%%

Lemma flood_complete_within N d : h s <= INR #|flood G src N| -> pot s (h s) < INR d ->
  flood G src (N + d) = [set: 'I_n].
Proof.
move=> half d_gt.
have rest_small t : (N <= t)%N -> INR #|~: flood G src t| <= h s.
  move/(flood_sub_le G src)/subset_leq_card/INR_leq.
  by rewrite INR_cardsC; lra.
case: (eqVneq (~: flood G src (N + d)) set0) => [empty | rest].
  by rewrite -[flood G src _]setCK empty setC0.
exfalso; apply: (Rlt_not_le _ _ d_gt).
pose f e := pot s (h s) - pot s (INR #|~: flood G src (N + e)|).
apply: (@unit_drift_bound (fun e => ~: flood G src (N + e) != set0) f) rest
  => [e rest_e1|e rest_e].
- rewrite /f addnS in rest_e1 *; set t := (N + e)%N in rest_e1 *.
  have shrink : ~: flood G src t.+1 \subset ~: flood G src t by rewrite setCS flood_subS.
  split.
    by apply: contraNneq rest_e1 => rest_e; rewrite -subset0 -rest_e.
  have rest_t1 := rest_small t.+1 (leq_trans (leq_addr e N) (leqnSn t)).
  have rest_t := rest_small t (leq_addr e N).
  suff : pot s (INR #|~: flood G src t.+1|) + 1 <= pot s (INR #|~: flood G src t|) by lra.
  apply: (pot_gain_nbhd (t := t)) => //; first by split; [exact: INR_card_ge1 | lra].
  have rest_card : (#|~: flood G src t.+1| + #|nbhd (G t) (flood G src t)|)%N
                   = #|~: flood G src t|.
    have := cardsC (flood G src t); have := cardsC (flood G src t.+1).
    by rewrite floodS cards_setU_nbhd; lia.
  rewrite -plus_INR; apply/INR_leq; rewrite -rest_card leq_add2l.
  by rewrite floodS; apply/subset_leq_card/nbhd_setC_closure.
- have := rest_small (N + e)%N (leq_addr e N); have := INR_card_ge1 rest_e.
  have := @pot_bounds (INR #|~: flood G src (N + e)|).
  by rewrite /f; lra.
Qed.

Lemma flooding_time :
  exists T : nat, flood G src T = [set: 'I_n] /\ INR T <= 2 * (pot s (h s) + 1).
Proof.
have [S_ge0 _] := pot_bounds (conj (h_ge1 (leqnn s)) (Rle_refl (h s))).
have [N [N_gt N_le]] := nat_ceil S_ge0.
exists (N + N)%N; split; last by rewrite plus_INR; lra.
exact: flood_complete_within (flood_half_within N_gt) N_gt.
Qed.

End Flooding.

End Potential.
Lemma card_low_weight_le (R : realDomainType) n (u : R) :
  0 <= u <= 1 -> #|low_weight n|%:R * u ^+ (2 * n) <= (1 + u ^+ 3 + u ^+ 6) ^+ n.
Proof.
case/andP=> u_ge0 u_le1.
have sumE : \sum_(a : {ffun 'I_n -> 'I_3}) (u ^+ 3) ^+ weight a = (1 + u ^+ 3 + u ^+ 6) ^+ n.
  have geomE : \sum_(j < 3) (u ^+ 3) ^+ j = 1 + u ^+ 3 + u ^+ 6.
    by rewrite !big_ord_recr big_ord0 /= add0r expr0 expr1 -exprM.
  under eq_bigr => a _ do rewrite /weight -prodrXr.
  by rewrite -geomE -[in RHS](card_ord n) -prodr_const bigA_distr_bigA.
rewrite -sumE mulr_natl -sumr_const.
apply: le_trans (_ : \sum_(a in low_weight n) (u ^+ 3) ^+ weight a <= _).
  by apply: ler_sum => a; rewrite inE -exprM => a_low; apply: ler_wiXn2l.
by rewrite [leRHS](bigID (mem (low_weight n))) /= lerDl sumr_ge0 // => a _;
  rewrite !exprn_ge0.
Qed.

End CapSet.

From Stdlib Require Import Reals Lra.
From mathcomp Require Import Rstruct.

Section CubeRoot.
Local Open Scope R_scope.

Lemma Rpower_third_cube x : 0 < x -> Rpower x (1 / 3) ^ 3 = x.
Proof.
move=> x_gt0; rewrite -Rpower_pow ?Rpower_mult; last by apply: exp_pos.
have -> : 1 / 3 * INR 3 = 1 by rewrite /=; field.
exact: Rpower_1.
Qed.

Lemma pow3_le_cancel a b : 0 < b -> a ^ 3 <= b ^ 3 -> a <= b.
Proof.
move=> b_gt0 ab3; have [//|ba] := Rle_lt_dec a b.
have : 0 < (a - b) * (a ^ 2 + a * b + b ^ 2) by apply: Rmult_lt_0_compat; nra.
nra.
Qed.
Lemma filter_memb_perm S P : NoDup S -> NoDup P -> incl S P -> Permutation S (filter (memb S) P).
Proof.
  intros HS HP HI. apply NoDup_Permutation; auto using NoDup_filter.
  intros x; rewrite filter_In, memb_spec. split; [intros; split; auto|tauto].
Qed.

(** * Nets *)

(* The points of [Q] in [K] are selected by a boolean [k], as [K] need not be decidable. *)
Definition point_net (Q TQ : list point) (M : R) : Prop :=
  forall K (k : point -> bool), convex K -> (forall p, In p Q -> k p = true -> K p) ->
    ~ meets TQ K -> INR (length (filter k Q)) <= M.

Definition edge_net (E : point -> point -> bool) (Q TQ : list point) (a M : R) : Prop :=
  forall K (k : point -> bool), convex K -> (forall p, In p Q -> k p = true -> K p) ->
    ~ meets TQ K ->
    INR (num_edges E (filter k Q)) <= a + INR (length (filter k Q)) * (M - 1) / 2.

Lemma wenet_point_net x f B Q : 0 <= x -> wenet_bound x f -> NoDup Q -> (length Q <= B)%nat ->
  exists TQ, (length TQ <= f)%nat /\ point_net Q TQ (x * INR B).
Proof.
  intros Hx Hw HQ HB. apply le_INR in HB.
  destruct Q as [|q Q'].
  { exists []; split; [simpl; lia|]. intros K k _ _ _. simpl. pose proof (pos_INR B). nra. }
  destruct (Hw (q :: Q') HQ ltac:(discriminate)) as (TQ & HTQ & Hmeets).
  exists TQ; split; auto. intros K k HK Hk Hmiss.
  apply Rnot_lt_le. intros Hlt. apply Hmiss, Hmeets; auto.
  exists (filter k (q :: Q')). repeat split.
  - apply NoDup_filter; auto.
  - intros p Hp. apply filter_In in Hp; tauto.
  - apply Forall_forall. intros p Hp. apply filter_In in Hp as [Hp Kp]. auto.
  - pose proof (Rmult_le_compat_l x _ _ Hx HB). lra.
Qed.
(* In the unique symmetric subgame perfect equilibrium of the pay-to-bid game, both with and without re-entry, in any round the probability that a given bidding player (a player who plays Bid in that round) wins the object in that round equals $\frac{u(c)}{u(v-s)}$.
   Context: Pay-to-bid game: an object has monetary value $v>0$ that is common knowledge; there are $n\ge 2$ players; the bid fee is $c>0$ and the fixed sale price is $s\ge 0$, with $c<v-s$. Play proceeds in rounds $t=1,2,3,\dots$ with complete information. In each round every active player simultaneously chooses an action in $\{\text{Bid},\text{No Bid}\}$. Each Bid costs $c$, paid immediately to the seller. If exactly one active player bids in a round, she wins the object (value $v$), pays $s$, and the game ends; if two or more bid, play continues; if none bids, the round is replayed. With re-entry, all $n$ players are active in every round; without re-entry, the active players in round $t+1$ are those who bid in round $t$. Players do not discount; payoff is $u$(final wealth) with $u(x)=\frac{1-e^{-\rho x}}{\rho}$ for a constant $\rho<0$, or $u(x)=x$ when $\rho=0$. A bidder wins in a round exactly when all other active players play No Bid in that round. *)

From Stdlib Require Import Reals Lra List Arith Bool.
Import ListNotations.
Open Scope R_scope.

%%

Look above for the line with "move/(flood_sub_le G src)/subset_leq_card/INR_leq."; retype exactly that line, every line after it up to the line with "exfalso; apply: (Rlt_not_le _ _ d_gt).", and that line too, nothing else.

  move/(flood_sub_le G src)/subset_leq_card/INR_leq.
  by rewrite INR_cardsC; lra.
case: (eqVneq (~: flood G src (N + d)) set0) => [empty | rest].
  by rewrite -[flood G src _]setCK empty setC0.
exfalso; apply: (Rlt_not_le _ _ d_gt).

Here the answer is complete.